Dennis Breakwell

Personal information
- Full name: Dennis Breakwell
- Born: 2 July 1948 (age 78) Brierley Hill, Staffordshire
- Height: 5 ft 9 in (1.75 m)
- Batting: Left-handed
- Bowling: Slow left-arm orthodox
- Role: All-rounder

Domestic team information
- 1969–1972: Northamptonshire
- 1973–1984: Somerset
- FC debut: 21 June 1969 Northants v Oxford University
- Last FC: 18 June 1983 Somerset v Derbyshire
- LA debut: 3 August 1969 Northants v Surrey
- Last LA: 1 August 1984 Somerset v Kent

Career statistics
| Competition | First-class | LA |
| Matches | 231 | 186 |
| Runs scored | 4,792 | 1,386 |
| Batting average | 19.80 | 14.14 |
| 100s/50s | 1/16 | 0/0 |
| Top score | 100* | 44* |
| Balls bowled | 30,220 | 3,875 |
| Wickets | 422 | 86 |
| Bowling average | 30.84 | 30.17 |
| 5 wickets in innings | 12 | 0 |
| 10 wickets in match | 1 | 0 |
| Best bowling | 8/39 | 4/10 |
| Catches/stumpings | 80/– | 40/– |
- Source: CricketArchive, 13 February 2010

= Dennis Breakwell =

English cricketer

Dennis Breakwell (born 2 July 1948 to John (Jack) Breakwell and Florence Emily Talbot), is a former English first-class cricketer who made over 400 appearances between 1969 and 1984 playing for Northamptonshire and Somerset County Cricket Clubs. A left-handed batsman and slow left-arm orthodox bowler, Breakwell developed into an all-rounder as his career progressed, and he featured in a series of strong sides at Northampton alongside Colin Milburn and Sarfraz Nawaz and at Somerset alongside Joel Garner, Viv Richards and Ian Botham, rooming with the latter two in his early days at the club. Following the end of his playing career he became coach and head groundsman at King's College, Taunton coaching among others England batsman Jos Buttler and Somerset's Alex Barrow and Tom Webley.

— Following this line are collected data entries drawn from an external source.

Lemma band_iso_eq lam lam' :
  iso_mod n [:: m] (band_rep lam) (band_rep lam') -> lam = lam'.
Proof.
case=> f [g [hf fg _]].
have intertw s l t : vertex s -> vertex t -> ptarget n (s, l) = Some t ->
    band_mx lam s t (size l) *m f = f *m band_mx lam' s t (size l).
  by move=> hs ht E; have := hf _ (Spath_vertex hs ht E); rewrite !(band_rep_act _ E).
have := intertw _ _ _ vertex1 vertex1 (ptarget_vertex_loop vertex1).
rewrite !band_mx_loop => f_loop1.
have := intertw _ _ _ vertexm vertexm (ptarget_vertex_loop vertexm).
rewrite !band_mx_loop => f_loopm.
have := intertw _ _ _ vertexm vertex1 ptarget_back; rewrite size_down !band_mx_back => f_back.
have := intertw _ _ _ vertex1 vertexm ptarget_cross; rewrite size_up !band_mx_cross => f_cross.
have f_soc1 r : f (soc 1%N) r = f (top 1%N) (top 1%N) * (r == soc 1%N)%:R.
  move/matrixP/(_ (top 1%N) r): f_loop1.
  by rewrite mul_delta_mx_entry mul_mx_delta_entry eqxx mul1r.
have f_top1 : f (top 1%N) (top 1%N) != 0.
  apply/negP => /eqP f0; move/matrixP/(_ (soc 1%N) (soc 1%N)): fg.
  rewrite !mxE eqxx big1 => [|r _]; last by rewrite f_soc1 f0 !mul0r.
  by move/eqP; rewrite eq_sym oner_eq0.
have e1 : f (soc 1%N) (soc 1%N) = f (top m) (top m).
  move/matrixP/(_ (top m) (soc 1%N)): f_back.
  by rewrite mul_delta_mx_entry mul_mx_delta_entry !eqxx mul1r mulr1.
have e2 : f (soc m) (soc m) = f (top m) (top m).
  move/matrixP/(_ (top m) (soc m)): f_loopm.
  by rewrite mul_delta_mx_entry mul_mx_delta_entry !eqxx mul1r mulr1.
rewrite -scalemxAl -scalemxAr in f_cross.
move/matrixP/(_ (top 1%N) (soc m)): f_cross; rewrite [LHS]mxE [RHS]mxE.
rewrite mul_delta_mx_entry mul_mx_delta_entry !eqxx mul1r mulr1.
by rewrite e2 -e1 f_soc1 eqxx mulr1 mulrC [RHS]mulrC => /(mulfI f_top1).
Qed.

End Band.

Lemma iso_mod_sym (K : fieldType) n X (M N : rep K) :
  iso_mod n X M N -> iso_mod n X N M.
Proof.
case=> f [g [hf fg gf]]; exists g, f; split=> // p hp.
rewrite -[LHS]mul1mx -gf !mulmxA -(mulmxA g f) -hf //.
by rewrite mulmxA -(mulmxA _ f g) fg mulmx1.
Qed.

Lemma iso_mod_trans (K : fieldType) n X (M N P : rep K) :
  iso_mod n X M N -> iso_mod n X N P -> iso_mod n X M P.
Proof.
case=> f1 [g1 [h1 fg1 gf1]] [f2 [g2 [h2 fg2 gf2]]].
exists (f1 *m f2), (g2 *m g1); split.
- by move=> p hp; rewrite mulmxA h1 // -!mulmxA h2.
- by rewrite -mulmxA (mulmxA f2) fg2 mul1mx fg1.
- by rewrite -mulmxA (mulmxA g1) gf1 mul1mx gf2.
Qed.

Lemma infinite_rep_type_of_family (K : fieldType) n X (M : K -> rep K) :
  (forall s : seq K, exists x, x \notin s) ->
  (forall a, is_module n X (M a)) -> (forall a, indecomposable n X (M a)) ->
  (forall a b, iso_mod n X (M a) (M b) -> a = b) -> infinite_rep_type K n X.
Proof.
move=> fresh Mmod Mind Minj [k [F [_ cover]]].
have [s [s_uniq s_size]] : exists s : seq K, uniq s /\ size s = k.+1.
  elim: k.+1 => [|j [s [us ss]]]; first by exists [::].
  by have [x xs] := fresh s; exists (x :: s); rewrite /= xs us ss.
have /fin_all_exists[h hh] (j : 'I_k.+1) : exists i, iso_mod n X (M (nth 0 s j)) (F i).
  exact: cover.
suff /leq_card : injective h by rewrite !card_ord ltnn.
have lt_s (j : 'I_k.+1) : (j < size s)%N by rewrite s_size.
move=> j1 j2 eh; apply/val_inj/eqP; rewrite -(nth_uniq 0 (lt_s j1) (lt_s j2) s_uniq).
apply/eqP/Minj/(iso_mod_trans (hh j1)).
by rewrite eh; apply/iso_mod_sym/hh.
Qed.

Breakwell's only first-class century came against the New Zealanders at Taunton in July 1978. His best bowling figures, 8 for 39, came when Northamptonshire beat Kent by an innings and 54 runs at Dover in 1970: his victims included Mike Denness, Colin Cowdrey, John Shepherd, Alan Knott and Derek Underwood.

Breakwell was hit for six consecutive sixes (not in the same over) by South African all-rounder Mike Procter in the Gloucestershire versus Somerset County Championship match at Taunton on the 27th of August, 1979.